I'm still not following. Are you saying that it is the *free* testosterone that is fixed? In other words, that total T is the fluctuating number based on the SHBG and free testosterone in the system? If so, I am not saying that you are wrong, but I am not sure how to get there logically since free T is a product of how much total T is bound to SHBG. In other words, SHBG and total T are the precursors needed to determine free T. I don't know how free T can be the constant (which implies that free T and SHBG are the precursors and total T the result of their interaction with each other, if that is what you are saying).
I'm saying that treating total testosterone as the "fluctuating" number (dependent variable) is a simpler way to view things at equilibrium under TRT. This is not worrying about the more complex behavior that happens during transitions, or about actual precursors. This simplification is possible because the metabolism/excretion of testosterone must match the slow trickle entering circulation. This should hold for anyone getting his testosterone at a fairly steady rate.

Mathematically, the simplest model is this:

A_fixed_constant = T_aborption_rate = T_metabolic_clearance_rate = k * free_T

Where k is a metabolic constant. It's also true that:

free_T = f(SHBG, total_T)

But if the metabolic constant k doesn't change then at equilibrium free_T must not change either. Thus if we're examining changes in SHBG then total testosterone must change appropriately to preserve the free_T value.
 
Cataceous, so you are saying that free testosterone is fixed, not in the f(SHBG, total_T) equation, but another equation that deals with a metabolic constant, which I assume simply represents the way that a person's body processes free testosterone.

You are also assuming that the absorption rate will always equal the metabolic clearance rate (if I understand correctly, because "SHBG has minimal if any effect on the apparent serum half-life of testosterone"), and that both are simply a function of the way that a person's body processes free testosterone.

Am I following your thought?
 
Beyond Testosterone Book by Nelson Vergel
Free testosterone can be calculated from total T and SHBG (ignoring albumin). You can turn it around to say that total T can be calculated from free T and SHBG. So in a situation with fairly constant free T, which I'm claiming generally applies to TRT, then you can calculate total T. And furthermore, if only SHBG changes then this means that total T adjusts appropriately to return free T to where it was before the change.

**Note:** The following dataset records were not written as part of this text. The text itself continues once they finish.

(* Let $A$ be an $m \times m$ normal centrosymmetric nonnegative matrix with eigenvalues $\alpha_1, \alpha_2, \ldots, \alpha_m$, where $\alpha_1$ is the Perron root of $A$, and let $u_1$ be a unit nonnegative eigenvector of $A$ corresponding to $\alpha_1$ with $Ju_1 = u_1$. Let $B$ be an $n \times n$ normal centrosymmetric nonnegative matrix with eigenvalues $\beta_1, \beta_2, \ldots, \beta_n$, where $\beta_1$ is the Perron root of $B$, and let $v_1$ be a unit nonnegative eigenvector of $B$ corresponding to $\beta_1$ with $Jv_1 = v_1$. Let $\rho, \xi \geq 0$ and let $\gamma_1, \gamma_2, \gamma_3$ be the eigenvalues of $$\widehat{C} = \begin{bmatrix} \beta_1 & \rho & \xi \\ \rho & \alpha_1 & \rho \\ \xi & \rho & \beta_1 \end{bmatrix}.$$ Then the matrix $$C = \begin{bmatrix} B & \rho v_1 u_1^T & \xi v_1 v_1^T \\ \rho u_1 v_1^T & A & J\rho u_1 v_1^T J \\ \xi v_1 v_1^T & \rho v_1 u_1^T & B \end{bmatrix}$$ is a normal centrosymmetric nonnegative matrix with eigenvalues $\gamma_1, \gamma_2, \gamma_3, \alpha_2, \ldots, \alpha_m, \beta_2, \ldots, \beta_n, \beta_2, \ldots, \beta_n$.
   Context: $J$ denotes the reverse identity matrix (ones on the anti-diagonal, zeros elsewhere) of whatever size is appropriate where it appears (in $J\rho u_1 v_1^T J$, the left $J$ is $m \times m$ and the right $J$ is $n \times n$). A square matrix $Q$ is centrosymmetric if $JQJ = Q$, nonnegative if all entries are nonnegative, and normal if $QQ^* = Q^*Q$. The Perron root of a nonnegative matrix is its spectral radius, which is an eigenvalue. *)

From HB Require Import structures.
From mathcomp Require Import all_boot all_order all_algebra.
From mathcomp Require Import complex.
Set Implicit Arguments. Unset Strict Implicit. Unset Printing Implicit Defensive.
Import Order.TTheory GRing.Theory Num.Theory.
Local Open Scope ring_scope.

Section Defs.
Variable R : rcfType.

Definition Jmx (k : nat) : 'M[R]_k := \matrix_(i < k, j < k) ((j == rev_ord i)%:R).

Definition centrosymmetric k (Q : 'M[R]_k) : Prop := Jmx k *m Q *m Jmx k = Q.

Definition nonneg_mx p q (Q : 'M[R]_(p, q)) : Prop := forall i j, 0 <= Q i j.

(* normal: Q Q^* = Q^* Q; for real matrices Q^* = Q^T *)
Definition normal_mx k (Q : 'M[R]_k) : Prop := Q *m Q^T = Q^T *m Q.

Definition cmx k (Q : 'M[R]_k) : 'M[R[i]]_k := map_mx (fun x => (x%:C)%C) Q.

(* the eigenvalues of Q, listed with algebraic multiplicity, are the items of s *)
Definition has_eigenvalues k (Q : 'M[R]_k) (s : seq R[i]) : Prop :=
  char_poly (cmx Q) = \prod_(x <- s) ('X - x%:P).

Definition is_perron_root k (Q : 'M[R]_k) (r : R) : Prop :=
  root (char_poly (cmx Q)) (r%:C)%C /\
  forall l : R[i], root (char_poly (cmx Q)) l -> `|l| <= (r%:C)%C.

Definition Chat (b1 a1 rho xi : R) : 'M[R]_3 :=
  \matrix_(i < 3, j < 3)
    (nth 0 (nth [::] [:: [:: b1; rho; xi]; [:: rho; a1; rho]; [:: xi; rho; b1]] i) j).

Definition Cmx m n (A : 'M[R]_m) (B : 'M[R]_n) (u : 'cV[R]_m) (v : 'cV[R]_n)
  (rho xi : R) : 'M[R]_(n + (m + n)) :=
  block_mx B (row_mx (rho *: (v *m u^T)) (xi *: (v *m v^T)))
    (col_mx (rho *: (u *m v^T)) (xi *: (v *m v^T)))
    (block_mx A (Jmx m *m (rho *: (u *m v^T)) *m Jmx n)
              (rho *: (v *m u^T)) B).
End Defs.

From HB Require Import structures.
From mathcomp Require Import all_boot all_order all_algebra.
From mathcomp Require Import complex zify ring.
Import Order.TTheory GRing.Theory Num.Theory.
Local Open Scope ring_scope.
Set Implicit Arguments. Unset Strict Implicit. Unset Printing Implicit Defensive.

The absorption rate and the metabolic clearance rate must match in any reasonable time frame. If the rates don't match then there's not an equilibrium; testosterone is accumulating or being depleted, and serum values are in flux. But we've required the absorption rate to be constant or slowly changing, while metabolic processes have much faster time constants, on the order of minutes to a couple hours. This means that the absorption rate effectively controls free testosterone, which along with SHBG effectively controls total testosterone.